It was way too early to be awake, Dave thought irritably as he threw back his covers and got out of bed. It was only five in the morning. It wasn't even really sunrise yet. It was that pre- dawn time, just before the sun started to rise. He liked it, in a way. God knows it wasn't like he got to see that time of the day all that often in the past, but that summer he had discovered within himself a real appreciation for the quiet time just before the morning began. Maybe I could make some coffee, he thought cheerily as he dressed, and snag some of those muffins from yesterday.
He was worn out from the day before. He had spent all day and most of the evening checking out the nearby towns to see if Doug had holed himself up there. It was the right thing to do, to look, even though it was probably a task in futility. Doug was off to the west and it made him sad, but he was glad he was detailed with searching the closer towns. It wasn't like he really knew Doug anyway. It had been only five days since he met the man. It was hard to get worked up over someone he hardly knew.
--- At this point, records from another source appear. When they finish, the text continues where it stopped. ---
(* Let $S,U$ be standard Borel, $\gamma\in(0,1)$, and consider two series-wired modules: module 1 with input state space $S$, output $U$, and module 2 with input $U$, output $S$, each with fixed policy, expected scalar one-step reward $r_i(x,a)$ and transition kernel $P^{(i)}(\cdot\mid x,a)$, inducing micro-step Bellman transformers $T_1:\mathcal{B}(U)\to\mathcal{B}(S)$, $T_2:\mathcal{B}(S)\to\mathcal{B}(U)$, $(T_iW)(x)=\int_A[r_i(x,a)+\gamma\int W\,dP^{(i)}(\cdot\mid x,a)]\pi_i(da\mid x)$; let $\widetilde T_i$ be defined likewise from perturbed $\tilde r_i,\widetilde P^{(i)}$ with the same policies. Assume all (original and perturbed) scalar rewards are bounded by $R_{\max}$, set $V_{\max}=R_{\max}/(1-\gamma)$, and assume $\sup_{x,a}|\tilde r_i(x,a)-r_i(x,a)|\le\varepsilon_r^{(i)}$ and $\sup_{x,a}d_{\mathrm{TV}}(\widetilde P^{(i)}(\cdot\mid x,a),P^{(i)}(\cdot\mid x,a))\le\varepsilon_P^{(i)}$. Let $\epsilon_i:=\varepsilon_r^{(i)}+\gamma V_{\max}\varepsilon_P^{(i)}$, and let $V^\pi,\widetilde V^\pi$ be the unique fixed points in $\mathcal{B}(S)$ of $T_1\circ T_2$ and $\widetilde T_1\circ\widetilde T_2$. Then \[\|\widetilde V^\pi-V^\pi\|_\infty\le\frac{\epsilon_1+\gamma\epsilon_2}{1-\gamma^2}.\]
   Context: $\mathcal{B}(X)$ denotes bounded measurable real functions on $X$ with sup norm. $d_{\mathrm{TV}}(\mu,\nu):=\sup_{\|f\|_\infty\le1}|\int f\,d\mu-\int f\,d\nu|$. *)

From HB Require Import structures.
From mathcomp Require Import all_boot all_order all_algebra.
From mathcomp Require Import all_classical all_reals all_analysis.
Set Implicit Arguments. Unset Strict Implicit. Unset Printing Implicit Defensive.
Import Order.TTheory GRing.Theory Num.Theory.
Local Open Scope classical_set_scope.
Local Open Scope ring_scope.

Definition dTV (R : realType) (d : measure_display) (X : measurableType d)
  (mu nu : {measure set X -> \bar R}) : \bar R :=
  ereal_sup [set `| (\int[mu]_x (f x)%:E - \int[nu]_x (f x)%:E)%E |%E
            | f in [set f : X -> R | measurable_fun setT f /\ forall x, `|f x| <= 1]].

Definition sup_norm (R : realType) (X : Type) (f : X -> R) : \bar R :=
  ereal_sup (range (fun x => (`|f x|)%:E)).

Definition bellman (R : realType) (dX dA dY : measure_display)
  (X : measurableType dX) (A : measurableType dA) (Y : measurableType dY)
  (pi : R.-pker X ~> A) (r : X -> A -> R) (P : R.-pker (X * A)%type ~> Y)
  (g : R) (W : Y -> R) : X -> R :=
  fun x => Rintegral (pi x) setT
             (fun a => r x a + g * Rintegral (P (x, a)) setT W).

Definition bounded_meas (R : realType) (d : measure_display) (X : measurableType d)
  (f : X -> R) : Prop :=
  measurable_fun setT f /\ exists M : R, forall x, `|f x| <= M.

(* For bounded [W], [W~] a single micro-step moves by
     |T~ W~ - T W| <= eps_r + g (|W~| eps_P + |W~ - W|):
   the reward error, the total-variation error of the kernel tested against
   [W~], and the propagated error.  Fixed points of [T_1 o T_2] are bounded
   by [Vmax], because [|V| <= Rmax + g Rmax + g^2 |V|] and the sup norm is
   finite.  Chaining two micro-steps, [Delta = V~ - V] satisfies
   [|Delta| <= eps_1 + g eps_2 + g^2 |Delta|], which gives the bound. *)

From mathcomp Require Import all_boot all_order all_algebra.
From mathcomp Require Import all_classical all_reals all_analysis.
From mathcomp Require Import measurable_realfun lra ring.
Import Order.TTheory GRing.Theory Num.Theory.
Local Open Scope ring_scope.

Section probability_Rintegral.
Context {d : measure_display} {Y : measurableType d} {R : realType}.
Implicit Types (mu nu : {measure set Y -> \bar R}) (f : Y -> R) (M : R).

Lemma integrable_bounded_prob {mu f M} : mu setT = 1%E ->
  measurable_fun setT f -> (forall y, `|f y| <= M) ->
  mu.-integrable setT (EFin \o f).
Proof.
move=> mu1 mf fM; apply: measurable_bounded_integrable => //.
  by rewrite mu1 ltry.
exists M; split; first exact: num_real.
by move=> N MN y _; apply: le_trans (fM y) (ltW MN).
Qed.

Lemma normr_Rintegral_le_prob {mu f M} : mu setT = 1%E ->
  measurable_fun setT f -> (forall y, `|f y| <= M) ->
  `|Rintegral mu setT f| <= M.
Proof.
move=> mu1 mf fM; have intf := integrable_bounded_prob mu1 mf fM.
apply: le_trans (le_normr_Rintegral _ intf) _ => //.
have intM : mu.-integrable setT (EFin \o cst M).
  exact: (integrable_bounded_prob (M := `|M|) mu1 (measurable_cst _)).
rewrite -[leRHS]mulr1 -[1]/(fine 1%E) -mu1 -Rintegral_cst //.
apply: le_Rintegral => //; exact: integrable_norm.
Qed.

Lemma EFin_Rintegral mu f : mu.-integrable setT (EFin \o f) ->
  (Rintegral mu setT f)%:E = (\int[mu]_y (f y)%:E)%E.
Proof. by move=> intf; rewrite fineK //; exact: integrable_fin_num. Qed.

Lemma Rintegral_dist_le_dTV {mu nu f} : mu setT = 1%E -> nu setT = 1%E ->
  measurable_fun setT f -> (forall y, `|f y| <= 1) ->
  (`|Rintegral mu setT f - Rintegral nu setT f|%:E <= dTV mu nu)%E.
Proof.
move=> mu1 nu1 mf f1; apply: ereal_sup_ubound; exists f => //=.
by rewrite -!EFin_Rintegral //; exact: integrable_bounded_prob f1.
Qed.

Lemma Rintegral_dist_le_mul_dTV {mu nu f M e} : mu setT = 1%E -> nu setT = 1%E ->
  measurable_fun setT f -> (forall y, `|f y| <= M) -> (dTV mu nu <= e%:E)%E ->
  `|Rintegral mu setT f - Rintegral nu setT f| <= M * e.
Proof.
move=> mu1 nu1 mf fM dTVe.
have M_ge0 : 0 <= M.
  exact: le_trans (normr_ge0 _) (normr_Rintegral_le_prob mu1 mf fM).
have [M0|M_neq0] := eqVneq M 0.
  apply: le_trans (ler_normB _ _) _; rewrite M0 mul0r -[0]addr0.
  by apply: lerD; apply: normr_Rintegral_le_prob; rewrite -?M0.
have {M_ge0 M_neq0}M_gt0 : 0 < M by rewrite lt_def M_neq0.
pose g y := f y / M.
have mg : measurable_fun setT g by exact: measurable_funM.
have g1 y : `|g y| <= 1.
  by rewrite normrM normfV (gtr0_norm M_gt0) ler_pdivrMr // mul1r.
have intf_mu := integrable_bounded_prob mu1 mf fM.
have intf_nu := integrable_bounded_prob nu1 mf fM.
have := le_trans (Rintegral_dist_le_dTV mu1 nu1 mg g1) dTVe.
rewrite lee_fin /g !RintegralZr // -mulrBl normrM normfV (gtr0_norm M_gt0).
by rewrite ler_pdivrMr // mulrC.
Qed.

End probability_Rintegral.

Lemma measurable_Rintegral_pker {R : realType} {dX dY : measure_display}
    {X : measurableType dX} {Y : measurableType dY}
    (k : R.-pker X ~> Y) (h : X * Y -> R) (M : R) :
  measurable_fun setT h -> (forall z, `|h z| <= M) ->
  measurable_fun setT (fun x => Rintegral (k x) setT (fun y => h (x, y))).
Proof.
move=> mh hM.
have mhx x : measurable_fun setT (fun y => h (x, y)).
  exact: measurableT_comp mh (pair1_measurable x).
have hM_ge0 z : (0 <= (h z + M)%:E)%E.
  by rewrite lee_fin -lerBlDr sub0r; have := hM z; rewrite ler_norml => /andP[].
have mhM : measurable_fun setT (fun z => (h z + M)%:E).
  by apply/measurable_EFinP; exact: measurable_funD.
(* shifting [h] by [M] makes it nonnegative, so the kernel integral is measurable *)
have -> : (fun x => Rintegral (k x) setT (fun y => h (x, y))) =
    (fun x => fine (\int[k x]_y (h (x, y) + M)%:E)%E - M).
  apply/funext => x; rewrite -[fine _]/(Rintegral (k x) setT _).
  rewrite RintegralD // ?Rintegral_cst // ?prob_kernel ?mulr1 ?addrK //.
    exact: integrable_bounded_prob (prob_kernel x) (mhx x) (fun y => hM (x, y)).
  exact: (integrable_bounded_prob (M := `|M|) (prob_kernel x) (measurable_cst _)).
apply: measurable_funB; last exact: measurable_cst.
apply: measurableT_comp; first exact: fine_measurable.
exact: measurable_fun_integral_finite_kernel k hM_ge0 mhM.
Qed.

Section sup_norm.
Context {R : realType} {X : Type}.
Implicit Types (f : X -> R) (b : R).

Lemma sup_norm_leP f b : (sup_norm f <= b%:E)%E <-> forall x, `|f x| <= b.
Proof.
split=> [fb x|fb].
  by rewrite -lee_fin; apply: le_trans fb; apply: ereal_sup_ubound; exists x.
by apply: ge_ereal_sup => _ [x _ <-]; rewrite lee_fin.
Qed.

Lemma sup_norm_le_of_self_improving_bound f (c q : R) : 0 <= q -> q < 1 ->
  (exists M, forall x, `|f x| <= M) ->
  (forall D, (forall x, `|f x| <= D) -> forall x, `|f x| <= c + q * D) ->
  (sup_norm f <= (c / (1 - q))%:E)%E.
Proof.
move=> q_ge0 q_lt1 [M fM] improve.
have := (sup_norm_leP f M).2 fM.
case Ef: (sup_norm f) => [D| |] // _; last exact: leNye.
have fD : forall x, `|f x| <= D by apply/sup_norm_leP; rewrite Ef.
have := (sup_norm_leP f (c + q * D)).2 (improve D fD).
rewrite Ef !lee_fin ler_pdivlMr ?subr_gt0 // => Dle.
by rewrite mulrBr mulr1 mulrC; lra.
Qed.

End sup_norm.

Section bellman.
Context {R : realType} {dX dA dY : measure_display}.
Context {X : measurableType dX} {A : measurableType dA} {Y : measurableType dY}.
Variables (pi : R.-pker X ~> A) (g : R).
Hypothesis g_ge0 : 0 <= g.
Implicit Types (r : X -> A -> R) (P : R.-pker (X * A)%type ~> Y) (W : Y -> R) (Rm D : R).

Definition bellman_integrand r P W (xa : X * A) : R :=
  r xa.1 xa.2 + g * Rintegral (P xa) setT W.

Lemma bellmanE r P W x : bellman pi r P g W x =
  Rintegral (pi x) setT (fun a => bellman_integrand r P W (x, a)).
Proof. by []. Qed.

Lemma measurable_bellman_integrand r P W D :
  measurable_fun setT (fun xa : X * A => r xa.1 xa.2) ->
  measurable_fun setT W -> (forall y, `|W y| <= D) ->
  measurable_fun setT (bellman_integrand r P W).
Proof.
move=> mr mW WD; apply: measurable_funD => //.
apply: measurable_funM; first exact: measurable_cst.
apply: measurable_Rintegral_pker (fun z => WD z.2).
exact: measurableT_comp mW measurable_snd.
Qed.

Lemma norm_bellman_integrand_le r P W Rm D :
  measurable_fun setT W -> (forall y, `|W y| <= D) -> (forall x a, `|r x a| <= Rm) ->
  forall xa, `|bellman_integrand r P W xa| <= Rm + g * D.
Proof.
move=> mW WD rRm [x a]; apply: le_trans (ler_normD _ _) _; apply: lerD => //.
rewrite normrM (ger0_norm g_ge0); apply: ler_wpM2l => //.
exact: normr_Rintegral_le_prob (prob_kernel (s := P) (x, a)) mW WD.
Qed.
No, he thought as he quietly walked down the stairwell, that's not true. It felt wrong. Doug, at first and second glance, certainly seemed like a candidate for Flagg's empire. Underneath it though, Dave sensed that Doug was merely flailing in deep water, not able to keep his head up. It made it doubly sad, since Doug's flaws were mostly bad choices, not an evil streak a mile wide. Dave had looked as hard as he could, hoping to prevent the older man from doing something stupid. He hoped Carter and Luka had better luck, and that was the truth.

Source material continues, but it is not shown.